Saved data entries
══════════════════════════════
(* Let $P$ be atomic. The sequent $\supset \Box(P\land\lnot\Box P\to P)\to\lnot\Box(P\land\lnot\Box P)$ has no prehistoric-cycle-free G3s proof.
   Context: S4 formulas built from atoms, $\bot$, $\to$, $\Box$, with $\lnot$ and $\land$ (handled either as abbreviations or by the standard G3 rules: $(\lnot\supset)$ from $\Gamma\supset\Delta,A$ infer $\lnot A,\Gamma\supset\Delta$; $(\supset\lnot)$ from $A,\Gamma\supset\Delta$ infer $\Gamma\supset\Delta,\lnot A$; $(\land\supset)$ from $A,B,\Gamma\supset\Delta$ infer $A\land B,\Gamma\supset\Delta$; $(\supset\land)$ from $\Gamma\supset\Delta,A$ and $\Gamma\supset\Delta,B$ infer $\Gamma\supset\Delta,A\land B$). Sequents use finite multisets; $\Box\Gamma:=\{\Box C\mid C\in\Gamma\}$. G3s rules: (Ax) $P,\Gamma\supset\Delta,P$ ($P$ atomic); $(\bot\supset)$ $\bot,\Gamma\supset\Delta$; $(\to\supset)$ from $\Gamma\supset\Delta,A$ and $B,\Gamma\supset\Delta$ infer $A\to B,\Gamma\supset\Delta$; $(\supset\to)$ from $A,\Gamma\supset\Delta,B$ infer $\Gamma\supset\Delta,A\to B$; $(\Box\supset)$ from $A,\Box A,\Gamma\supset\Delta$ infer $\Box A,\Gamma\supset\Delta$; $(\supset\Box)$ from $\Box\Gamma\supset A$ infer $\Gamma',\Box\Gamma\supset\Delta',\Box A$. Correspondence: a symbol occurrence in a side formula (formula repeated unchanged from premise to conclusion) of a premise directly corresponds to the same occurrence in the conclusion; an active formula of a premise directly corresponds to its topmost occurrence as a subformula of the principal formula, symbolwise. Families are equivalence classes of $\Box$-occurrences under the reflexive-symmetric-transitive closure. $i\prec j$ if some $(\supset\Box)$ rule whose principal formula $\Box A$ has outermost $\Box$ in family $j$ has a premise containing a $\Box$ of family $i$. A prehistoric cycle is $i_0\prec\cdots\prec i_{n-1}\prec i_0$ ($n\ge1$); a proof is prehistoric-cycle-free if it has none. (Equivalently, in cut-free G3s proofs, one may restrict to families having an occurrence introduced as principal $\Box$ of a $(\supset\Box)$ rule.) *)

From Stdlib Require Import List Arith Relations.
Import ListNotations.

Inductive form : Type :=
| Atom (n : nat)
| Bot
| Imp (A B : form)
| Box (A : form)
| Neg (A : form)
| And (A B : form).

(** Sequents Gamma ⊃ Delta: finite multisets, represented by lists.
    The principal formula of a rule is designated by its index. *)
Definition sequent := (list form * list form)%type.

Definition rem {T} (i : nat) (l : list T) : list T := firstn i l ++ skipn (S i) l.

(** Index in the list before removal of the i-th element. *)
Definition unrem (i n : nat) : nat := if n <? i then n else S n.

(** Rule applications.  [i] indexes the antecedent, [j] the succedent.
    In [RBoxR j sel], [sel] lists the (distinct) antecedent indices of the
    boxed formulas Box Gamma kept in the premise; all others form Gamma'. *)
Inductive rule : Type :=
| RAx (i j : nat)
| RBotL (i : nat)
| RImpL (i : nat)
| RImpR (j : nat)
| RBoxL (i : nat)
| RBoxR (j : nat) (sel : list nat)
| RNegL (i : nat)
| RNegR (j : nat)
| RAndL (i : nat)
| RAndR (j : nat).

(** Premises of a rule applied to the conclusion G ⊃ D (None: not applicable).
    Premises are put in a canonical order (active formulas in front of the
    antecedent / at the end of the succedent). *)
Definition rule_premises (G D : list form) (r : rule) : option (list sequent) :=
  match r with
  | RAx i j =>
      match nth_error G i, nth_error D j with
      | Some (Atom a), Some (Atom b) => if Nat.eqb a b then Some [] else None
      | _, _ => None
      end
  | RBotL i =>
      match nth_error G i with Some Bot => Some [] | _ => None end
  | RImpL i =>
      match nth_error G i with
      | Some (Imp A B) => Some [(rem i G, D ++ [A]); (B :: rem i G, D)]
      | _ => None end
  | RImpR j =>
      match nth_error D j with
      | Some (Imp A B) => Some [(A :: G, rem j D ++ [B])]
      | _ => None end
  | RBoxL i =>
      match nth_error G i with
      | Some (Box A) => Some [(A :: G, D)]
      | _ => None end
  | RBoxR j sel =>
      match nth_error D j with
      | Some (Box A) => Some [(map (fun s => nth s G Bot) sel, [A])]
      | _ => None end
  | RNegL i =>
      match nth_error G i with
      | Some (Neg A) => Some [(rem i G, D ++ [A])]
      | _ => None end
  | RNegR j =>
      match nth_error D j with
      | Some (Neg A) => Some [(A :: G, rem j D)]
      | _ => None end
  | RAndL i =>
      match nth_error G i with
      | Some (And A B) => Some [(A :: B :: rem i G, D)]
      | _ => None end
  | RAndR j =>
      match nth_error D j with
      | Some (And A B) => Some [(G, rem j D ++ [A]); (G, rem j D ++ [B])]
      | _ => None end
  end.

Definition side_ok (G : list form) (r : rule) : Prop :=
  match r with
  | RBoxR _ sel =>
      NoDup sel /\ Forall (fun s => exists B, nth_error G s = Some (Box B)) sel
  | _ => True
  end.

Inductive proof : Type :=
| PNode (G D : list form) (r : rule) (subs : list proof).

Definition concl (pf : proof) : sequent :=
  match pf with PNode G D _ _ => (G, D) end.

Inductive valid : proof -> Prop :=
| valid_node G D r subs ps :
    rule_premises G D r = Some ps ->
    side_ok G r ->
    map concl subs = ps ->
    (forall q, In q subs -> valid q) ->
    valid (PNode G D r subs).

Fixpoint subproof (pf : proof) (a : list nat) : option proof :=
  match a with
  | [] => Some pf
  | k :: a' =>
      match pf with
      | PNode _ _ _ subs =>
          match nth_error subs k with
          | Some q => subproof q a'
          | None => None
          end
      end
  end.

(** Subformula at a path (0 = left/only immediate subformula, 1 = right). *)
Fixpoint subf (A : form) (p : list nat) : option form :=
  match p with
  | [] => Some A
  | k :: p' =>
      match A, k with
      | Imp B _, 0 => subf B p'
      | Imp _ C, 1 => subf C p'
      | Box B, 0 => subf B p'
      | Neg B, 0 => subf B p'
      | And B _, 0 => subf B p'
      | And _ C, 1 => subf C p'
      | _, _ => None
      end
  end.

(** A symbol location: node address, side (true = antecedent,
    false = succedent), index of the formula occurrence in that side,
    path to the symbol (its subformula) inside the formula. *)
Definition loc := (list nat * bool * nat * list nat)%type.

Definition formula_at (pf : proof) (l : loc) : option form :=
  match l with
  | (a, s, n, p) =>
      match subproof pf a with
      | Some (PNode G D _ _) =>
          match nth_error (if s then G else D) n with
          | Some A => subf A p
          | None => None
          end
      | None => None
      end
  end.

Definition is_box_occ (pf : proof) (l : loc) : Prop :=
  exists B, formula_at pf l = Some (Box B).

(** Direct correspondence: a symbol at (side s, index n, path p) in premise
    number k of a rule [r] with conclusion G ⊃ D corresponds to the returned
    location in the conclusion.  Side formulas correspond to themselves;
    active formulas to their occurrence as subformula of the principal one. *)
Definition corr (G D : list form) (r : rule) (k : nat)
  (s : bool) (n : nat) (p : list nat) : option (bool * nat * list nat) :=
  match r with
  | RAx _ _ | RBotL _ => None
  | RImpL i =>
      match k with
      | 0 => if s then Some (true, unrem i n, p)
             else if n <? length D then Some (false, n, p)
             else Some (true, i, 0 :: p)
      | _ => if s then match n with
                       | 0 => Some (true, i, 1 :: p)
                       | S m => Some (true, unrem i m, p)
                       end
             else Some (false, n, p)
      end
  | RImpR j =>
      if s then match n with
                | 0 => Some (false, j, 0 :: p)
                | S m => Some (true, m, p)
                end
      else if n <? length D - 1 then Some (false, unrem j n, p)
      else Some (false, j, 1 :: p)
  | RBoxL i =>
      if s then match n with
                | 0 => Some (true, i, 0 :: p)
                | S m => Some (true, m, p)
                end
      else Some (false, n, p)
  | RBoxR j sel =>
      if s then Some (true, nth n sel 0, p) else Some (false, j, 0 :: p)
  | RNegL i =>
      if s then Some (true, unrem i n, p)
      else if n <? length D then Some (false, n, p)
      else Some (true, i, 0 :: p)
  | RNegR j =>
      if s then match n with
                | 0 => Some (false, j, 0 :: p)
                | S m => Some (true, m, p)
                end
      else Some (false, unrem j n, p)
  | RAndL i =>
      if s then match n with
                | 0 => Some (true, i, 0 :: p)
                | 1 => Some (true, i, 1 :: p)
                | S (S m) => Some (true, unrem i m, p)
                end
      else Some (false, n, p)
  | RAndR j =>
      if s then Some (true, n, p)
      else if n <? length D - 1 then Some (false, unrem j n, p)
      else Some (false, j, (match k with 0 => 0 | _ => 1 end) :: p)
  end.
(* Let $\mathtt{L}=\{x,(x,u'),u'\}$ be a line of $\mathbb{S}$, where $(x,u')\in\mathcal{P}$, and let $\alpha$ be a point of $\mathbb{S}$ not on $\mathtt{L}$. Then there is exactly one point of $\mathtt{L}$ nearest to $\alpha$ (in the collinearity graph of $\mathbb{S}$).
   Context: Let $S=(P,L)$ and $S'=(P',L')$ be generalized quadrangles of order $(2,2)$ (every line has 3 points, every point lies on 3 lines, and for each point $x$ and line $l\not\ni x$ exactly one point of $l$ is collinear with $x$), with an isomorphism $x\mapsto x'$ from $S$ to $S'$. In a point-line geometry, $x^{\perp}$ is $x$ together with all points collinear with $x$, and $A^{\perp}=\bigcap_{a\in A}a^{\perp}$. A triad is a set of three pairwise non-collinear points, complete if $|T^{\perp}|=3$. Let $\mathcal{P}=\{(x,y')\in P\times P':y'\in x'^{\perp}\}$ and $\mathcal{L}$ the set of all $3$-subsets $\{(x,u'),(y,v'),(z,w')\}$ of $\mathcal{P}$ where $T=\{x,y,z\}$ (three distinct points) is a line or complete triad of $S$ and $\{u',v',w'\}=T'^{\perp}$ in $S'$ with $u',v',w'$ distinct. The geometry $\mathbb{S}=(\mathbb{P},\mathbb{L})$ has point set $\mathbb{P}=\mathcal{P}\cup P\cup P'$ (disjoint union) and line set $\mathcal{L}\cup\{\{x,(x,u'),u'\}:(x,u')\in\mathcal{P}\}$. *)

From mathcomp Require Import all_boot.
Set Implicit Arguments. Unset Strict Implicit. Unset Printing Implicit Defensive.

Section Geometry.
Variables (P : finType) (Ls : {set {set P}}).

Definition coll (x y : P) : bool :=
  (x != y) && [exists l in Ls, (x \in l) && (y \in l)].

Definition perp (x : P) : {set P} := [set y | (y == x) || coll x y].

Definition perpS (A : {set P}) : {set P} := [set y | [forall a in A, y \in perp a]].

Definition is_gq22 : Prop :=
  [/\ forall l, l \in Ls -> #|l| = 3,
      forall x, #|[set l in Ls | x \in l]| = 3 &
      forall x l, l \in Ls -> x \notin l -> #|[set y in l | coll x y]| = 1].

Definition is_triad (T : {set P}) : bool :=
  (#|T| == 3) && [forall a in T, forall b in T, ~~ coll a b].

Definition complete_triad (T : {set P}) : bool :=
  is_triad T && (#|perpS T| == 3).
End Geometry.

Definition is_iso (P P' : finType) (Ls : {set {set P}}) (Ls' : {set {set P'}})
  (f : P -> P') : Prop :=
  bijective f /\ forall l : {set P}, (l \in Ls) = (f @: l \in Ls').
══════════════════════════════
▶ _How to complete this task_
All lines above containing the string "finType": copy each one.

▶ _Written answer_
Variables (P : finType) (Ls : {set {set P}}).
Definition is_iso (P P' : finType) (Ls : {set {set P}}) (Ls' : {set {set P'}})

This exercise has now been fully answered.